Snapshot of migration to the U.K.
MigrationWatch | 10.06.2003 21:49
On present trends we can expect a net inflow of at least two million migrants every decade. A Home Office report (Jan 2001) expects increasing immigration for the foreseeable future. Continued immigration on this scale will have a substantial effect on our society. The UN predicts that it will add over 7 million to our population
by 2050.
Until the early 1980s the outflow of migrants exceeded or balanced the inflow so there was no resultant increase in the population of the U.K.
However, since 1994, the net inflow from non EU countries has trebled from about 60,000 per year in the previous decade to 178,000 in 2001. Illegal immigrants are additional to this total. 47,000 were detected in the year 2000 so a similar number undetected would be a low estimate. Adding this brings the total to 230,000 a year or more than 2 million every decade [1].

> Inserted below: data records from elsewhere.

Lemma f_le_g_of_g_doubling mu : 1 < mu ->
  (\forall x \near +oo, 2 * g x <= g (mu * x)) ->
  \forall x \near +oo, f x <= 3 * ln mu * g x.
Proof.
move=> mu1 [X0 [_ gdbl]]; set X := Num.max X0 1; set L := ln mu.
have mu0 : 0 < mu by lra.
have X1 : 1 <= X by rewrite le_max lexx orbT.
have L0 : 0 < L by rewrite ln_gt0.
have {}gdbl z : X < z -> 2 * g z <= g (mu * z).
  by move=> Xz; apply: gdbl; apply: le_lt_trans Xz; rewrite le_max lexx.
(* Iterate f(mu z) <= f z + L g(mu z) down to X; as g doubles at each step, the g-terms
   sum to at most 2 L g y. *)
have tele n y : X < y -> y <= X * mu ^+ n -> f y <= f (X * mu) + 2 * L * g y.
  elim: n y => [|n IH] y Xy; first by rewrite mulr1; lra.
  have [yXmu|Xmuy] := leP y (X * mu) => yXn.
    have := f_nondecr (_ : 0 < y) yXmu; have := g_ge0 y; nra.
  set z := y / mu; have yE : y = mu * z by rewrite /z mulrC divfK ?gt_eqF.
  have Xz : X < z by rewrite /z ltr_pdivlMr.
  have zXn : z <= X * mu ^+ n by rewrite /z ler_pdivrMr // -mulrA -exprSr.
  have := IH z Xz zXn; have := ler_wpM2l (ltW L0) (gdbl z Xz).
  have := @f_dilate_le z mu; rewrite -yE -/L => /(_ ltac:(lra) (ltW mu1)); lra.
near=> y.
have Xy : X < y by near: y; exact: nbhs_pinfty_gt (num_real X).
have gy : f (X * mu) <= L * g y.
  by near: y; apply: filterS (cvgry_ge g_cvgy (f (X * mu) / L)) => y; rewrite [L * _]mulrC ler_pdivrMr.
have [n yXn] := exprn_unbounded (X^-1 * y) mu1.
have := tele n y Xy; rewrite -ler_pdivrMl; last lra.
by move=> /(_ yXn); lra.
Unshelve. all: by end_near.
Qed.

Lemma beta_set_f_of_g b : beta_set g b -> beta_set f b.
Proof.
move=> /(beta_setP g_eventually_gt0) [D D0 gD]; apply/(beta_setP f_eventually_gt0).
have [b0|b0] := leP b 0.
  by exists 1 => //; apply: (dilation_lb_nonpos f_eventually_gt0 f_dilate_nondecr b0).
have [mu mu1 Dmu] : exists2 mu, 1 < mu & 2 / D <= mu `^ b by exact: exists_powR_ge.
have mu0 : 0 < mu by lra.
have mub0 : 0 < mu `^ b := powR_gt0 _ mu0.
have L0 : 0 < ln mu by rewrite ln_gt0.
rewrite ler_pdivrMr // mulrC in Dmu.
have fg := f_le_g_of_g_doubling mu1 (doubling_of_dilation_lb g_eventually_gt0 mu1 Dmu gD).
exists (Num.min (D / (3 * mu `^ b)) (mu `^ b)^-1).
  by rewrite lt_min divr_gt0 ?invr_gt0 ?mulr_gt0.
apply: (dilation_lb_of_large f_eventually_gt0 f_dilate_nondecr (ltW b0) (ltW mu1)).
move=> Lam Lam1; near=> x.
have x0 : 0 < x by near: x; exact: nbhs_pinfty_gt.
have fgx : f x <= 3 * ln mu * g x by near: x.
have gDx : forall lam, 1 <= lam <= Lam -> D * lam `^ b * g x <= g (lam * x).
  by near: x; exact: gD.
move=> lam /andP[mulam lamLam].
set lam' := lam / mu; have lamE : lam = mu * lam' by rewrite /lam' mulrC divfK ?gt_eqF.
have lam'1 : 1 <= lam' by rewrite /lam' ler_pdivlMr ?mul1r.
have lam'I : 1 <= lam' <= Lam by rewrite lam'1 /lam' ler_pdivrMr //=; nra.
have := @g_ln_le_f (lam' * x) mu; rewrite mulrA -lamE => /(_ _ (ltW mu1)) gf.
apply: le_trans (gf _); last by rewrite mulr_gt0 //; lra.
apply: le_trans (ler_wpM2r (ltW L0) (gDx _ lam'I)).
rewrite lamE powRM ?(ltW mu0); last lra.
have -> : D / (3 * mu `^ b) * (mu `^ b * lam' `^ b) * f x = D / 3 * lam' `^ b * f x.
  by field; rewrite gt_eqF.
have c0 : 0 <= D / 3 * lam' `^ b by rewrite mulr_ge0 ?powR_ge0 //; lra.
by apply: le_trans (ler_wpM2l c0 fgx) _; lra.
Unshelve. all: by end_near.
Qed.

Lemma beta_set_g_of_f b : beta_set f b -> beta_set g b.
Proof.
move=> /(beta_setP f_eventually_gt0) [D D0 fD]; apply/(beta_setP g_eventually_gt0).
have [b0|b0] := leP b 0.
  by exists 1 => //; apply: (dilation_lb_nonpos g_eventually_gt0 g_dilate_nondecr b0).
have [mu mu1 Dmu] : exists2 mu, 1 < mu & 2 / D <= mu `^ b by exact: exists_powR_ge.
have mu0 : 0 < mu by lra.
have mub0 : 0 < mu `^ b := powR_gt0 _ mu0.
have L0 : 0 < ln mu by rewrite ln_gt0.
rewrite ler_pdivrMr // mulrC in Dmu.
have fg := f_le_g_of_f_doubling mu1 (doubling_of_dilation_lb f_eventually_gt0 mu1 Dmu fD).
exists (Num.min (D / (2 * mu `^ b)) (mu `^ b)^-1).
  by rewrite lt_min divr_gt0 ?invr_gt0 ?mulr_gt0.
apply: (dilation_lb_of_large g_eventually_gt0 g_dilate_nondecr (ltW b0) (ltW mu1)).
move=> Lam Lam1; near=> x.
have x0 : 0 < x by near: x; exact: nbhs_pinfty_gt.
have fgx : forall l, 1 <= l -> f (l * x) <= 2 * ln mu * g (l * x).
  by near: x; exact: near_pinfty_dilate fg.
have fDx : forall lam, 1 <= lam <= Lam -> D * lam `^ b * f (mu * x) <= f (lam * (mu * x)).
  by near: x; exact: near_pinfty_scale mu0 (fD Lam Lam1).
move=> lam /andP[mulam lamLam].
set lam' := lam / mu; have lamE : lam = mu * lam' by rewrite /lam' mulrC divfK ?gt_eqF.
have lam'1 : 1 <= lam' by rewrite /lam' ler_pdivlMr ?mul1r.
have lam'I : 1 <= lam' <= Lam by rewrite lam'1 /lam' ler_pdivrMr //=; nra.
have fglam : f (lam * x) <= 2 * ln mu * g (lam * x) by apply: fgx; lra.
have gf := @g_ln_le_f x mu x0 (ltW mu1).
have := fDx _ lam'I; rewrite mulrA [lam' * mu]mulrC -lamE => flam.
rewrite lamE powRM ?(ltW mu0); last lra.
have -> : D / (2 * mu `^ b) * (mu `^ b * lam' `^ b) * g x = D / 2 * lam' `^ b * g x.
  by field; rewrite gt_eqF.
have c0 : 0 <= D * lam' `^ b by rewrite mulr_ge0 ?powR_ge0 //; lra.
have := ler_wpM2l c0 gf; rewrite -lamE; nra.
Unshelve. all: by end_near.
Qed.

Lemma alpha_idx_le : (alpha_idx f <= alpha_idx g)%E.
Proof.
apply: le_ereal_inf_tmp => _ [a ga <-]; apply/lee_addgt0Pr => d d0.
by rewrite -EFinD; apply: ereal_inf_lbound; exists (a + d) => //; exact: alpha_set_f_of_g.
Qed.

Lemma beta_set_eq : beta_set g = beta_set f.
Proof.
by apply/seteqP; split => b; [exact: beta_set_f_of_g | exact: beta_set_g_of_f].
Qed.

End OmegaNuPair.

Section WeightSequence.
Context {R : realType} (M : nat -> R).
Hypothesis wM : weight_seq M.

Local Notation m := (quot_seq M).

Lemma M_gt0 p : 0 < M p.
Proof. by case: wM. Qed.

Lemma quot_gt0 p : 0 < m p.
Proof. by rewrite divr_gt0 ?M_gt0. Qed.

Lemma M_succ p : M p.+1 = M p * m p.
Proof. by rewrite mulrC divfK // gt_eqF // M_gt0. Qed.

Lemma quot_nondecr : {homo m : i j / (i <= j)%N >-> i <= j}.
Proof.
apply: nondecnP => p; case: wM => _ _ logconvex _.
have := logconvex p.+1 isT; rewrite /quot_seq /=.
rewrite ler_pdivrMr ?M_gt0 // mulrAC ler_pdivlMr ?M_gt0 //.
by rewrite [M p * _]mulrC expr2.
Qed.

Asylum seekers comprise about half the total. We now take more asylum seekers than Germany and twice as many as France. The cost in 2002 was £1.8 billion.
The Asylum and Immigration Act (2002) was mainly concerned with speeding up the asylum process but, since more than three quarters of those refused stay on anyway, this has little effect on the inward flow. In 2002 about 110,700 arrived (including dependants); 13,300 were removed.
Changes to the settlement rules for spouses and partners in 1997 mean that the flow of dependants, continuous since the 1960s, will increase further and continue indefinitely.
There is no economic case for large scale inward migration. Any labour shortages could largely be dealt with by existing arrangements for 5 year employment permits. The argument that immigration is needed to support an increasingly elderly population is false.
The impact on housing will be considerable, especially in London
and the South East where more than two-thirds of the new migrants are settling.
Migrants now comprise more than 27% of London's population.
This proportion is expected to increase considerably.